Lemma reach_active (S : State A P) (x y : A) :
  reach S x y -> Active S x -> Active S y.
Proof.
  intro Hxy; induction Hxy as [x y Hxy| |]; auto.
  intro; apply Hxy.
Qed.

Lemma chain_In_reach (S : State A P) (x y : A) (l : list A) :
  chain S x l -> In y (x :: l) -> reach S x y /\ reach S y (last l x).
Proof.
  revert x y; induction l as [|z l IH]; intros x y Hc Hy.
  - destruct Hy as [<-|[]]; split; apply rt_refl.
  - destruct Hc as (Hx & HxT & Hxz & Hc).
    assert (Hedge : reach S x z)
      by (apply rt_step; repeat split; eauto using chain_head_active).
    rewrite last_cons_default.
    destruct Hy as [<-|Hy].
    + split; [apply rt_refl|].
      apply rt_trans with z; [exact Hedge|].
      exact (proj2 (IH z z Hc (or_introl eq_refl))).
    + destruct (IH z y Hc Hy) as [Hzy Hyl].
      split; [apply rt_trans with z|]; assumption.
Qed.

Lemma reach_chain (S : State A P) (x z : A) :
  reach S x z -> Active S z -> exists l, chain S x l /\ last l x = z.
Proof.
  intro Hxz; apply clos_rt_rt1n in Hxz.
  induction Hxz as [x|x y z (Hx & HxT & Hxy & _) _ IH]; intro Hz.
  - now exists [].
  - destruct (IH Hz) as (l & Hc & Hl).
    exists (y :: l); split; [simpl; tauto|].
    now rewrite last_cons_default.
Qed.

Lemma reach_chain_through (S : State A P) (x y z : A) :
  reach S x y -> reach S y z -> Active S z ->
  exists l, chain S x l /\ last l x = z /\ In y (x :: l).
Proof.
  intros Hxy Hyz Hz; apply clos_rt_rt1n in Hxy.
  induction Hxy as [x|x w y (Hx & HxT & Hxw & _) _ IH].
  - destruct (reach_chain Hyz Hz) as (l & Hc & Hl).
    exists l; simpl; tauto.
  - destruct (IH Hyz) as (l & Hc & Hl & Hy).
    exists (w :: l); split; [simpl; tauto|split].
    + now rewrite last_cons_default.
    + now right.
Qed.

Lemma on_main_reach (S : State A P) (a : A) :
  on_main aH aT S a -> reach S aH a /\ reach S a aT.
Proof.
  intros (l & Hp & Hhd & Hl & Ha).
  destruct l as [|x l]; [discriminate|].
  injection Hhd as ->.
  apply is_path_chain in Hp.
  rewrite last_cons_default in Hl; rewrite <- Hl.
  exact (chain_In_reach _ (proj2 Hp) Ha).
Qed.

Lemma reach_on_main (S : State A P) (a : A) :
  aH <> aT -> Active S aT -> reach S aH a -> reach S a aT -> on_main aH aT S a.
Proof.
  intros HHT HT Ha HaT.
  destruct (reach_chain_through Ha HaT HT) as (l & Hc & Hl & Hin).
  exists (aH :: l); split; [|split; [reflexivity|split; [|exact Hin]]].
  - apply is_path_chain; split; [|exact Hc].
    intros ->; simpl in Hl; congruence.
  - now rewrite last_cons_default.
Qed.

Lemma normal_next_active (S : State A P) (b : A) :
  normal aH aT S -> Active S b -> b <> aT -> Active S (Next S b).
Proof. intros (_ & _ & _ & _ & _ & _ & HN) Hb HbT; now apply HN. Qed.

Lemma normal_on_main_active (S : State A P) (b : A) :
  normal aH aT S -> on_main aH aT S b -> Active S b.
Proof.
  intros Hn Hb; apply (reach_active (proj1 (on_main_reach Hb))).
  destruct Hn as (_ & HH & _); exact HH.
Qed.

Lemma same_shared_edge (S T : State A P) (x y : A) :
  same_shared aT S T -> edge T x y -> edge S x y.
Proof.
  intros (HA & HN & _) (Hx & HxT & Hxy & Hy).
  apply HA in Hx; apply HA in Hy.
  rewrite HN in Hxy by assumption.
  repeat split; assumption.
Qed.

Lemma unlink_edge_reach (S T : State A P) (cu pred x y : A) :
  Active S cu -> cu <> aT -> Next S pred = cu ->
  (forall b, Active T b <-> Active S b) -> Next T pred = Next S cu ->
  (forall b, Active S b -> b <> aT -> b <> pred -> Next T b = Next S b) ->
  edge T x y -> reach S x y.
Proof.
  intros Hcu HcuT Hpred HA HNpred HN (Hx & HxT & Hxy & Hy).
  apply HA in Hx; apply HA in Hy.
  destruct (classic (x = pred)) as [->|Hxp].
  - apply rt_trans with cu; apply rt_step; repeat split; congruence.
  - rewrite HN in Hxy by assumption.
    apply rt_step; repeat split; assumption.
Qed.

Section Insertion.

Variables (S T : State A P) (pf a' : A).
Hypothesis Hnormal : normal aH aT S.
Hypothesis Hpf : Active S pf.
Hypothesis HpfT : pf <> aT.
Hypothesis Hfresh : ~ Active S a'.
Hypothesis HActive : forall b, Active T b <-> (Active S b \/ b = a').
Hypothesis HNpf : Next T pf = a'.
Hypothesis HNa' : Next T a' = Next S pf.
Hypothesis HN : forall b, Active S b -> b <> aT -> b <> pf -> Next T b = Next S b.

Lemma active_old (b : A) : Active T b -> b <> a' -> Active S b.
Proof. intros Hb Hba; apply HActive in Hb; tauto. Qed.

Lemma next_pf_old : Active S (Next S pf) /\ Next S pf <> a'.
Proof.
  assert (H : Active S (Next S pf)) by now apply normal_next_active.
  split; [exact H|]. intros He; rewrite He in H; contradiction.
Qed.

Lemma insert_edge_skip (x y : A) :
  edge T x y -> x <> a' -> y <> a' -> edge S x y.
Proof.
  intros (Hx & HxT & Hxy & Hy) Hxa Hya.
  apply active_old in Hx; [|exact Hxa]. apply active_old in Hy; [|exact Hya].
  assert (Hxpf : x <> pf) by (intros ->; congruence).
  rewrite HN in Hxy by assumption.
  repeat split; assumption.
Qed.

Lemma insert_edge_into (x : A) : edge T x a' -> x = pf.
Proof.
  intros (Hx & HxT & Hxa & _).
  apply NNPP; intro Hxpf.
  assert (Hxa' : x <> a') by (intros ->; rewrite HNa' in Hxa; exact (proj2 next_pf_old Hxa)).
  apply active_old in Hx; [|exact Hxa'].
  rewrite HN in Hxa by assumption.
  apply Hfresh; rewrite <- Hxa; now apply normal_next_active.
Qed.

Lemma insert_reach_reflect_from (x z : A) :
  reach T x z -> z <> a' ->
  (x <> a' -> reach S x z) /\ (x = a' -> reach S (Next S pf) z).
Proof.
  intro Hxz; apply clos_rt_rt1n in Hxz.
  induction Hxz as [x|x y z Hxy _ IH]; intro Hza.
  - split; [intros _; apply rt_refl|intros ->; contradiction].
  - destruct (IH Hza) as [IHold IHnew]. split.
    + intro Hxa. destruct (classic (y = a')) as [->|Hya].
      * rewrite (insert_edge_into Hxy).
        apply rt_trans with (Next S pf); [|exact (IHnew eq_refl)].
        apply rt_step; repeat split; auto. exact (proj1 next_pf_old).
      * apply rt_trans with y; [apply rt_step|exact (IHold Hya)].
        exact (insert_edge_skip Hxy Hxa Hya).
    + intros ->. destruct Hxy as (_ & _ & Hy & _).
      rewrite HNa' in Hy; subst y.
      exact (IHold (proj2 next_pf_old)).
Qed.

Lemma insert_reach_reflect (x z : A) :
  Active S x -> Active S z -> reach T x z -> reach S x z.
Proof.
  intros Hx Hz Hxz.
  apply (insert_reach_reflect_from Hxz); intros ->; contradiction.
Qed.

End Insertion.

Lemma step_active (S T : State A P) (p : P) (a : A) :
  step aH aT p S T -> Active S a -> Active T a.
Proof.
  destruct 1; intro Ha;
    match goal with
    | Hs : same_shared _ _ _ |- _ => now apply Hs
    | HA : forall b, Active T b <-> _ |- _ => apply HA; auto
    end.
Qed.

Lemma step_reach_reflect (S T : State A P) (p : P) (x y : A) :
  normal aH aT S -> step aH aT p S T ->
  Active S x -> Active S y -> reach T x y -> reach S x y.
Proof.
  intros Hn Hst Hx Hy.
  destruct Hst;
    try match goal with
        | Hs : same_shared _ _ _ |- _ =>
            apply clos_rt_of_subrel; intros u v Huv;
            exact (rt_step _ _ _ _ (same_shared_edge Hs Huv))
        end.
  - eapply (insert_reach_reflect (pf := pf)); eauto using normal_on_main_active.
  - assert (HcuT : cu <> aT).
    { intros ->. destruct Hn as (_ & _ & _ & _ & HVT & _). congruence. }
    apply clos_rt_of_subrel; intros u v.
    apply (unlink_edge_reach S (cu := cu) (pred := pred));
      eauto using normal_on_main_active.
Qed.

End LazySet.

Theorem lemma4p7 (A P : Type) (aH aT : A) (HA : countably_infinite A)
  (HHT : aH <> aT) (S T : State A P) (p : P) (a : A) :
  normal aH aT S -> step aH aT p S T ->
  removed aH aT S a -> removed aH aT T a.
Proof.
  intros Hn Hst [Ha Hoff].
  split; [eapply step_active; eassumption|].
  intro Hon; apply Hoff.
  pose proof Hn as (_ & HH & HT & _).
  destruct (on_main_reach Hon) as [HHa HaT].
  apply reach_on_main; try assumption;
    eapply step_reach_reflect; eassumption.
Qed.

Problem requirements:
Each line from the beginning of the entries to the line with "destruct Hy as [<-|Hy]." must be repeated exactly, with both end lines kept and no other lines given.

Exercise answer:
Lemma reach_active (S : State A P) (x y : A) :
  reach S x y -> Active S x -> Active S y.
Proof.
  intro Hxy; induction Hxy as [x y Hxy| |]; auto.
  intro; apply Hxy.
Qed.

Lemma chain_In_reach (S : State A P) (x y : A) (l : list A) :
  chain S x l -> In y (x :: l) -> reach S x y /\ reach S y (last l x).
Proof.
  revert x y; induction l as [|z l IH]; intros x y Hc Hy.
  - destruct Hy as [<-|[]]; split; apply rt_refl.
  - destruct Hc as (Hx & HxT & Hxz & Hc).
    assert (Hedge : reach S x z)
      by (apply rt_step; repeat split; eauto using chain_head_active).
    rewrite last_cons_default.
    destruct Hy as [<-|Hy].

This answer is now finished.